Eric Sembrat's Test Bonanza

In frustrated magnetic materials, geometry and magnetic interactions combine to suppress conventional magnetic order. Instead, disordered "spin liquid" states can host exotic magnetic phenomena which persist to the lowest measurable temperatures. Neutron scattering is an ideal experimental technique to understand spin-liquid states, but the absence of conventional magnetic order means that standard data-analysis methods cannot be used. Two limitations have traditionally restricted our understanding spin liquids at the atomic scale: (i) the magnetic interactions must be anticipated, and (ii) single-crystal samples must be available.

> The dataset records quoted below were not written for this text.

(* Let F be a primitive of f, |f| <= M, and g(x) = e^-x \int_0^x f(t) e^t dt,
   so that R(f) = limsup g and |g| <= M.  For a step [y, y + d],
     F(y + d) - F(y) = g(y + d) - e^-d g(y)
                       + e^-(y+d) \int_y^(y+d) f(t) (e^(y+d) - e^t) dt,
   where the integral term is O(M d^2); hence, as long as g <= s on [y, oo),
   F - g increases by at most d s + 2 M d^2.  Summing n steps of length
   theta / n and letting n -> oo bounds the mean of f over [x, x + theta] by
   sup_{t >= x} g(t) + 2M / theta, so the limsup H(theta) of these means is
   at most R(f) + 2M / theta.  Covering a long window by short ones gives
   H(theta) <= H(s) + 2Ms / theta, so H converges to its infimum, which is
   M_1(f) and is therefore at most R(f). *)

Section ae_bounded_mul.
Context d (T : measurableType d) (R : realType).
Variable mu : {measure set T -> \bar R}.
Variables (D : set T) (f w : T -> R) (M : R).
Hypotheses (mD : measurable D) (M0 : 0 <= M) (mf : measurable_fun D f).
Hypothesis fM : {ae mu, forall t, D t -> `|f t| <= M}.
Hypothesis iw : mu.-integrable D (EFin \o w).

Let mw : measurable_fun D w.
Proof. exact/measurable_EFinP/(measurable_int mu). Qed.

Let iMw : mu.-integrable D (EFin \o (fun t => M * `|w t|)).
Proof.
by apply: eq_integrable (integrableZl mD M (integrable_norm iw)).
Qed.

Let integral_normrM_le :
  (\int[mu]_(t in D) `|f t * w t|%:E <= \int[mu]_(t in D) (M * `|w t|)%:E)%E.
Proof.
apply: ae_ge0_le_integral => //.
- by do 2 apply: measurableT_comp => //; exact: measurable_funM.
- by move=> t _; rewrite lee_fin mulr_ge0.
- by case/integrableP: iMw.
apply: filterS fM => t fMt Dt.
by rewrite lee_fin normrM ler_wpM2r // fMt.
Qed.

Lemma integrable_mulr_ae_bounded : mu.-integrable D (EFin \o (f \* w)).
Proof.
apply/integrableP; split; first exact/measurable_EFinP/measurable_funM.
apply: le_lt_trans integral_normrM_le _.
rewrite -ge0_fin_numE ?integrable_fin_num //.
by apply: integral_ge0 => t _; rewrite lee_fin mulr_ge0.
Qed.
(* Let $(X,d)$ be a complete metric space and $\{f_{\eta_k}:\eta_k\in B^{[k]},k\in\mathbb{N}\}$ a binary tree of continuous maps $X\to X$ sharing a common nonempty compact invariant set $C\subseteq X$ (i.e. $f_{\eta_k}(C)\subseteq C$ for all $\eta_k$), each $f_{\eta_k}$ Lipschitz with constant $s_{\eta_k}$. Assume there is a sequence $(\delta_k)$ with $\sum_{k=1}^\infty\delta_k<\infty$ such that $$\prod_{i=1}^k s_{\tau_i\eta}\le\delta_k\quad\text{for all }\eta\in B^{[\infty]},\ k\in\mathbb{N}.$$ Then for every $x\in C$, $$U_{TM}=\lim_{k\to\infty}\bigcup_{\eta\in B^{[\infty]}}f_{\tau_1\eta}\circ\cdots\circ f_{\tau_{k-1}\eta}\circ f_{\tau_k\eta}(x),$$ where the limit is taken in the Hausdorff metric $h$ on the nonempty compact subsets of $X$, and $U_{TM}=\bigcup_{\eta\in B^{[\infty]}}\gamma(\eta)$ with $\gamma(\eta)=\lim_{k\to\infty}f_{\tau_1\eta}\circ\cdots\circ f_{\tau_k\eta}(x)$.
   Context: $B^{[k]}=\{1,2\}^k$, $B^{[\infty]}=\{1,2\}^{\mathbb{N}}$, and $\tau_\ell\eta$ denotes the first $\ell$ symbols of $\eta$. A binary tree of maps assigns to each finite code $\eta_k$ a continuous map $f_{\eta_k}:X\to X$. $h$ denotes the Hausdorff metric on the space $\mathbb{H}(X)$ of nonempty compact subsets of $X$. *)

From Stdlib Require Import Reals Lra List Classical ClassicalEpsilon.
Open Scope R_scope.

In my presentation, I will show how neutron-scattering data can be converted robustly into a three-dimensional model of the spin-liquid state. Using an atomistic refinement approach, I show that it is possible to recover accurate three-dimensional information from powder-averaged data, without making any assumptions about the underlying magnetic interactions. I will present experimental results for two materials. First, I present evidence for a "hidden order" state in the canonical frustrated magnet Gd3Ga5O12. Second, I use single-crystal neutron-scattering data to understand the origin of magnetic disorder in beta-Mn and its alloys. Finally, I will discuss the implications of these results for understanding disorder in other materials.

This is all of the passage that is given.